Unlike the hard margin, the constraint has been increased to two, so the Lagrange multiplier is also set to $ \ lambda $ and $ \ mu $.
L(w,w_0,\lambda, \mu)=\frac{1}{2}|w|^2+C\sum_{i=1}^n\xi_i-\sum_{i=1}^{N}\lambda_i \{ t_i(\boldsymbol{w}^Tx_i+w_0)+\xi_i-1\}-\sum_{i=1}^n\mu_i\xi_i
If this is partially differentiated with respect to $ w $, $ w_0 $, and $ \ xi $, and each is set to zero,
w=\sum_{i=1}^n\lambda_it_ix_i \\
\sum_{i=1}^n\lambda_it_i=0 \\
\lambda_i=C-\mu_i
Can be obtained, and when assigned to the Lagrange function,
L(\lambda)=\sum_{n=1}^{N}\lambda_n-\frac{1}{2}\sum_{n=1}^{N}\sum_{m=1}^{N}\lambda_n\lambda_mt_nt_mx_n^Tx_m
And this is exactly the same formula as for the hard margin. However, the constraint is
\sum_{i=1}^n\lambda_it_n=0 \\
0 \leq \lambda_i \leq C
It will be. As with the hard margin, it is possible to find the parameters using SMO. (Omitted this time)
Consider the following example, which seems to be inseparable by a straight line.
If it has such a shape, move the point to a higher dimensional space and then separate the planes, such as 2D → 3D. The method of converting to a higher order is called the ** kernel method **, and the function for converting is called the ** kernel function **.
A data string that projects $ \ boldsymbol {x} = (x_0, x_1, \ cdots, x_ {n-1}) $ is $ \ boldsymbol {\ phi} = \ {\ phi_0 (\ boldsymbol {x) }), \ phi_1 (\ boldsymbol {x}), \ cdots, \ phi_ {m-1} (\ boldsymbol {x}) \} $. This $ \ phi (x) $ is called a ** basis set **. The basis function was equivalent to
By applying the basis function, the $ x_n ^ Tx_m $ part of the Lagrange function changes to $ \ phi (x) _n ^ T \ phi (x) _m $.
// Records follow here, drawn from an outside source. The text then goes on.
Definition concat_closed (R : realType) (Q : Type) (S : set (R -> Q)) :=
  forall s1 s2 tau, S s1 -> S s2 -> 0 < tau -> S (concat tau s1 s2).

Definition fc_dyn_system (R : realType) (X : normedModType R) (Q : Type)
    (S : set (R -> Q)) (phi : R -> X -> (R -> Q) -> X) : Prop :=
  shift_closed S /\ concat_closed S /\
      (forall x s, S s -> phi 0 x s = x) /\
      (forall t x s s', S s -> S s' -> 0 <= t ->
         (forall r, 0 <= r <= t -> s' r = s r) -> phi t x s' = phi t x s) /\
      (forall x s, S s -> {within `[0, +oo[, continuous (fun t => phi t x s)}) /\
      (forall t tau x s, S s -> 0 <= t -> 0 <= tau ->
         phi tau (phi t x s) (tshift t s) = phi (t + tau) x s).

Definition UGES (R : realType) (X : normedModType R) (Q : Type)
    (S : set (R -> Q)) (phi : R -> X -> (R -> Q) -> X) : Prop :=
  exists M lam : R, 0 < M /\ 0 < lam /\
    forall t x s, 0 <= t -> S s -> `|phi t x s| <= M * expR (- lam * t) * `|x|.

Definition dini_upper (R : realType) (X : normedModType R) (Q : Type)
    (phi : R -> X -> (R -> Q) -> X) (V : X -> R) (x : X) (s : R -> Q) : \bar R :=
  limf_esup (fun h : R => ((V (phi h x s) - V x) / h)%:E) (0^'+).

Definition S_unif_cont (R : realType) (X : normedModType R) (Q : Type)
    (S : set (R -> Q)) (phi : R -> X -> (R -> Q) -> X) : Prop :=
  forall (tb : R) (x : X) (eps : R), 0 < tb -> 0 < eps ->
    exists eta : R, 0 < eta /\
      forall t y s, 0 <= t <= tb -> `|y - x| <= eta -> S s ->
        `|phi t x s - phi t y s| <= eps.

From HB Require Import structures.
From mathcomp Require Import all_boot all_order all_algebra.
From mathcomp Require Import all_classical all_reals all_analysis.
From mathcomp Require Import ring lra.
Import Order.TTheory GRing.Theory Num.Theory.
Import numFieldNormedType.Exports.
Local Open Scope classical_set_scope.
Local Open Scope ring_scope.

(* (i) -> (ii): for 0 < mu < lam the functional
     V x = (1 / mu) sup ({|x|} U {e^(mu t) |phi(t, x, s)| : t >= 0, s in S})
   is comparable to |x|; it decays like e^(-mu h) along trajectories, since a
   trajectory issued from phi(h, x, s) is, after concatenating signals, the tail
   of one issued from x; and it is continuous because the part t >= T of the
   supremum is uniformly small while phi is uniformly continuous on [0, T].
   (ii) -> (iii) only uses the continuity of trajectories.
   (iii) -> (i): within time t1 the norm |phi| shrinks at most by the factor G0,
   so a comparison argument for the Dini derivative gives
     V(phi(t + t1)) <= V(phi(t)) - t1 |phi(t + t1)|^p / G0^p.
   Together with V <= c |x|^p this makes V contract by a fixed factor over each
   window of length t1, and the same inequality turns the geometric decay of V
   back into exponential decay of |phi|^p. *)

Section exp_bounds.
Context {R : realType}.

Lemma expRN_sub1_le (a : R) : 0 <= a -> expR (- a) - 1 <= a * (a - 1).
Proof.
move=> a0; have a1 : 0 < 1 + a by rewrite ltr_pwDl.
have inv_le : expR (- a) <= (1 + a)^-1.
  by rewrite expRN lef_pV2 ?posrE ?expR_gt0 // expR_ge1Dx.
have inv_ge : 1 - a <= (1 + a)^-1.
  by rewrite -(ler_pM2r a1) mulVf ?gt_eqF //; nra.
have inv_def : (1 + a)^-1 * (1 + a) = 1 by rewrite mulVf ?gt_eqF.
have : 0 <= a * ((1 + a)^-1 - (1 - a)) by rewrite mulr_ge0 // subr_ge0.
lra.
Qed.

Lemma exists_le_expRN (A d eps : R) : 0 <= A -> 0 < d -> 0 < eps ->
  exists2 T, 0 < T & A * expR (- (d * T)) <= eps.
Proof.
move=> A0 d0 e0; exists ((A / eps + 1) / d).
  by rewrite divr_gt0 // ltr_pwDr ?divr_ge0 // ltW.
rewrite [d * _]mulrC divfK ?gt_eqF // expRN ler_pdivrMr ?expR_gt0 //.
apply: le_trans (ler_wpM2l (ltW e0) (expR_ge1Dx _)).
have : eps * (A / eps) = A by rewrite mulrC divfK ?gt_eqF.
lra.
Qed.

Lemma powR_le_mul (a b g p : R) : 0 <= p -> 0 <= a -> 0 <= b -> 0 <= g ->
  a <= g * b -> a `^ p <= g `^ p * b `^ p.
Proof.
move=> p0 a0 b0 g0 ab; rewrite -powRM //.
by apply: ge0_ler_powR; rewrite ?nnegrE ?mulr_ge0.
Qed.

Lemma exp_decay_of_powR (y y0 K r p t : R) : 0 < p -> 0 <= y -> 0 <= y0 -> 0 <= K ->
  y `^ p <= K * expR (- (r * t)) * y0 `^ p ->
  y <= K `^ p^-1 * expR (- (r / p * t)) * y0.
Proof.
move=> p0 y_ge0 y0_ge0 K0 ypK; rewrite leNgt; apply/negP => Ky.
have K_ge0 : 0 <= K `^ p^-1 * expR (- (r / p * t)) * y0.
  by rewrite !mulr_ge0 ?powR_ge0 ?expR_ge0.
have := gt0_ltr_powR p0 K_ge0 y_ge0 Ky.
rewrite !powRM ?mulr_ge0 ?powR_ge0 ?expR_ge0 // -powRrM mulVf ?gt_eqF // powRr1 //.
rewrite -expRM (_ : - (r / p * t) * p = - (r * t)) ?ltNge ?ypK //.
by field; rewrite gt_eqF.
Qed.

End exp_bounds.

Section limf_esup_real.
Context {R : realType} (F : set_system R) {FF : Filter F}.

Lemma limf_esup_lt_near (f : R -> R) (b : R) :
  (limf_esup (fun x => (f x)%:E) F < b%:E)%E -> \forall x \near F, f x < b.
Proof.
move=> /ereal_inf_lt[_ [V FV <-]] /= supVb.
apply: filterS FV => x Vx; rewrite -lte_fin.
by apply: le_lt_trans supVb; apply: ereal_sup_ubound; exists x.
Qed.

Lemma limf_esup_le_near (f : R -> R) (a : R) :
  (forall e, 0 < e -> \forall x \near F, f x <= a + e) ->
  (limf_esup (fun x => (f x)%:E) F <= a%:E)%E.
Proof.
move=> fa; apply/lee_addgt0Pr => e e0.
apply: le_trans (ereal_inf_lbound _) _; first by exists [set x | f x <= a + e]; [exact: fa|].
by apply: ge_ereal_sup => _ [x fx <-]; rewrite -EFinD lee_fin.
Qed.

End limf_esup_real.

Section comparison.
Context {R : realType}.
Implicit Types (a b m : R) (u w : R -> R).

Lemma le_of_right_nonincreasing u a b : a <= b ->
  (forall t, a <= t < b -> \forall h \near 0^'+, u (t + h) <= u t) ->
  (forall t, a < t <= b -> u s @[s --> t^'-] --> u t) ->
  u b <= u a.
Proof.
move=> ab uR uL.
pose A := [set t | a <= t <= b /\ forall s, a <= s <= t -> u s <= u a].
have Aa : A a by split=> [|s /le_anti ->]; rewrite ?lexx ?ab.
have A0 : A !=set0 by exists a.
have Ab : ubound A b by move=> t [/andP[_ ->]].
pose T := sup A.
have aT : a <= T by apply: ub_le_sup => //; exists b.
have Tb : T <= b by apply: ge_sup.
have below_T s : a <= s < T -> u s <= u a.
  move=> /andP[aS sT]; have [t [_ At] st] := sup_gt A0 sT.
  by apply: At; rewrite aS ltW.
have at_T : u T <= u a.
  have [<-//|aT'] := eqVneq a T.
  have aTlt : a < T by rewrite lt_neqAle aT' aT.
  apply: (closed_cvg (fun x => x <= u a) (@closed_le _ (u a)) _ _ (uL T _));
    last by rewrite aTlt Tb.
  near=> s; apply: below_T; apply/andP; split.
    by near: s; apply: nbhs_left_ge.
  by near: s; apply: nbhs_left_lt.
suff <- : T = b by [].
apply/eqP; rewrite eq_le Tb leNgt; apply/negP => Tltb.
have /nbhs_ballP[d d0 ud] := uR T ltac:(by rewrite aT Tltb).
pose T' := Num.min (T + d / 2) b.
have TT' : T < T' by rewrite lt_min Tltb andbT ltrDl divr_gt0.
suff : T' <= T by rewrite leNgt TT'.
apply: ub_le_sup; first by exists b.
split=> [|s /andP[aS sT']].
  by rewrite (le_trans aT (ltW TT')) ge_min lexx orbT.
have [sT|Ts] := ltP s T; first by apply: below_T; rewrite aS sT.
apply: le_trans at_T; have [<-//|Tneqs] := eqVneq T s.
have -> : s = T + (s - T) by rewrite addrC subrK.
apply: ud; last by rewrite subr_gt0 lt_neqAle Tneqs Ts.
rewrite /ball /= sub0r normrN ger0_norm ?subr_ge0 //.
move: sT'; rewrite le_min => /andP[sTd _]; lra.
Unshelve. all: by end_near.
Qed.

Lemma le_sub_slope_of_right_dini w a b m : a <= b ->
  (forall t, a <= t < b -> forall e, 0 < e ->
     \forall h \near 0^'+, (w (t + h) - w t) / h <= - m + e) ->
  (forall t, a < t <= b -> w s @[s --> t^'-] --> w t) ->
  w b <= w a - m * (b - a).
Proof.
move=> ab wR wL.
have slack e : 0 < e -> w b <= w a - (m - e) * (b - a).
  move=> e0; pose u t := w t + (m - e) * (t - a).
  suff : u b <= u a by rewrite /u subrr mulr0 addr0; lra.
  apply: le_of_right_nonincreasing => // t tab.
    near=> h; have h0 : 0 < h by near: h; exact: nbhs_right_gt.
    have : (w (t + h) - w t) / h <= - m + e by near: h; exact: wR.
    rewrite ler_pdivrMr // /u; lra.
  apply: cvgD; first exact: wL.
  apply: cvgM; first exact: cvg_cst.
  by apply: cvgB; [exact: cvg_at_left_filter cvg_id | exact: cvg_cst].
apply/ler_addgt0Pr => e e0.
have ba1 : 0 < b - a + 1 by lra.
have := slack _ (divr_gt0 e0 ba1).
have : e / (b - a + 1) * (b - a) <= e.
  by rewrite mulrAC ler_pdivrMr // ler_pM2l //; lra.
lra.
Unshelve. all: by end_near.
Qed.

End comparison.

Section exponential_decay.
Context {R : realType}.
Variables (c g t1 : R).
Hypotheses (c_gt0 : 0 < c) (g_gt0 : 0 < g) (t1_gt0 : 0 < t1).

(* [w] contracts by the factor [1 + k = expR (rho * t1)] over each window. *)
Let k := t1 / (c * g).
Let rho := ln (1 + k) / t1.

Let k_gt0 : 0 < k. Proof. by rewrite divr_gt0 // mulr_gt0. Qed.
Let rho_gt0 : 0 < rho. Proof. by rewrite divr_gt0 // ln_gt0 // ltrDl. Qed.
Let expR_rho_t1 : expR (rho * t1) = 1 + k.
Proof. by rewrite divfK ?gt_eqF // lnK // posrE addr_gt0. Qed.

Section trajectory.
Variables (w z : R -> R).
Hypothesis w_bounds : forall t, 0 <= t -> 0 <= w t <= c * z t.
Hypothesis z_step : forall a u, 0 <= a -> a <= u <= a + t1 -> z u <= g * z a.
Hypothesis w_dissip : forall t, 0 <= t -> w (t + t1) <= w t - t1 / g * z (t + t1).

Let z0_ge0 : 0 <= z 0.
Proof.
have /andP[w0 wz] := w_bounds _ (lexx 0).
by rewrite -(pmulr_rge0 _ c_gt0) (le_trans w0).
Qed.

Let z_le_w t : 0 <= t -> z (t + t1) <= g / t1 * w t.
Proof.
move=> t0; have /andP[w1 _] := w_bounds _ (addr_ge0 t0 (ltW t1_gt0)).
have zw : t1 / g * z (t + t1) <= w t by have := w_dissip _ t0; lra.
have -> : z (t + t1) = g / t1 * (t1 / g * z (t + t1)) by field; rewrite !gt_eqF.
by rewrite ler_pM2l ?divr_gt0.
Qed.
L(\lambda)=\sum_{n=1}^{N}\lambda_n-\frac{1}{2}\sum_{n=1}^{N}\sum_{m=1}^{N}\lambda_n\lambda_mt_nt_m\phi(x)_n^T\phi(x)_m
This $ \ phi (x) _n ^ T \ phi (x) _m $ is an inner product calculation, and if there are many data points, the amount of calculation will be enormous, so we will devise a little.
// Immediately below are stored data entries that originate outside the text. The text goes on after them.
Lemma inj_set_pullback :
  (forall a, f (p1 a) = g (p2 a)) -> injective p1 ->
  (forall b c, f b = g c -> exists a, p1 a = b /\ p2 a = c) ->
  set_pullback p1 p2 f g.
Proof.
move=> com p1_inj ex; split=> // b c /ex[a [e1 e2]].
by exists a; split=> // a' [e1' _]; apply: p1_inj; rewrite e1 e1'.
Qed.

Lemma set_pullback_inj_l : set_pullback p1 p2 f g -> injective g -> injective p1.
Proof.
move=> [com uq] g_inj a a' e.
have e2 : p2 a = p2 a' by apply: g_inj; rewrite -!com e.
have [a0 [_ u]] := uq (p1 a) (p2 a) (com a).
by rewrite -(u a) // -(u a') // e e2.
Qed.

End SetPullbacks.

Lemma kernel_pair_set_pullback (B D : Type) (f : B -> D) :
  injective f -> set_pullback id id f f.
Proof.
move=> f_inj; apply: inj_set_pullback => // b c /f_inj <-.
by exists b.
Qed.

Lemma kernel_pair_inj (A B D : Type) (p : A -> B) (f : B -> D) :
  set_pullback p p f f -> injective f.
Proof. by move=> [_ uq] x y /uq[a [[<- <-] _]]. Qed.

Lemma set_pullback_prod A1 B1 C1 D1 A2 B2 C2 D2
  (p1 : A1 -> B1) (p2 : A1 -> C1) (f : B1 -> D1) (g : C1 -> D1)
  (q1 : A2 -> B2) (q2 : A2 -> C2) (k : B2 -> D2) (l : C2 -> D2) :
  set_pullback p1 p2 f g -> set_pullback q1 q2 k l ->
  set_pullback (fun x => (p1 x.1, q1 x.2)) (fun x => (p2 x.1, q2 x.2))
    (fun x => (f x.1, k x.2)) (fun x => (g x.1, l x.2)).
Proof.
move=> [com1 uq1] [com2 uq2]; split; first by move=> [a a'] /=; rewrite com1 com2.
move=> [b b'] [c c'] [/uq1[a [[e1 e2] u1]] /uq2[a' [[e1' e2'] u2]]].
exists (a, a'); split; first by rewrite /= e1 e2 e1' e2'.
by move=> [x y] [[/= ? ?] [? ?]]; rewrite (u1 x) ?(u2 y).
Qed.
In fact, $ \ phi (x) _n ^ T \ phi (x) _m $ can be replaced with $ k (x_n, k_m) $. $ k (x_n, k_m) $ is called a ** kernel function **. By replacing it in this way, you can omit the troublesome inner product calculation. This is called a ** kernel trick **. For details, refer to "Kernel Trick".
In particular, the kernel function using the Gaussian basis function mentioned above is called ** RBF kernel (Radial basis function kernel) **.
Finally the Lagrange function
L(\lambda)=\sum_{n=1}^{N}\lambda_n-\frac{1}{2}\sum_{n=1}^{N}\sum_{m=1}^{N}\lambda_n\lambda_mt_nt_mk(x_n,x_m) \\
\text{subject.to }\sum_{i=1}^n\lambda_it_n=0,0 \leq \lambda_i \leq C
It will be. Actually, solve this formula, find $ \ lambda $, then $ \ boldsymbol {w} $ or $ w_0 $.
Last time, I used a simple sklearn.svm.LinearSVC to classify, but the more general [sklearn] Try using .svm.SVC](https://scikit-learn.org/stable/modules/generated/sklearn.svm.SVC.html).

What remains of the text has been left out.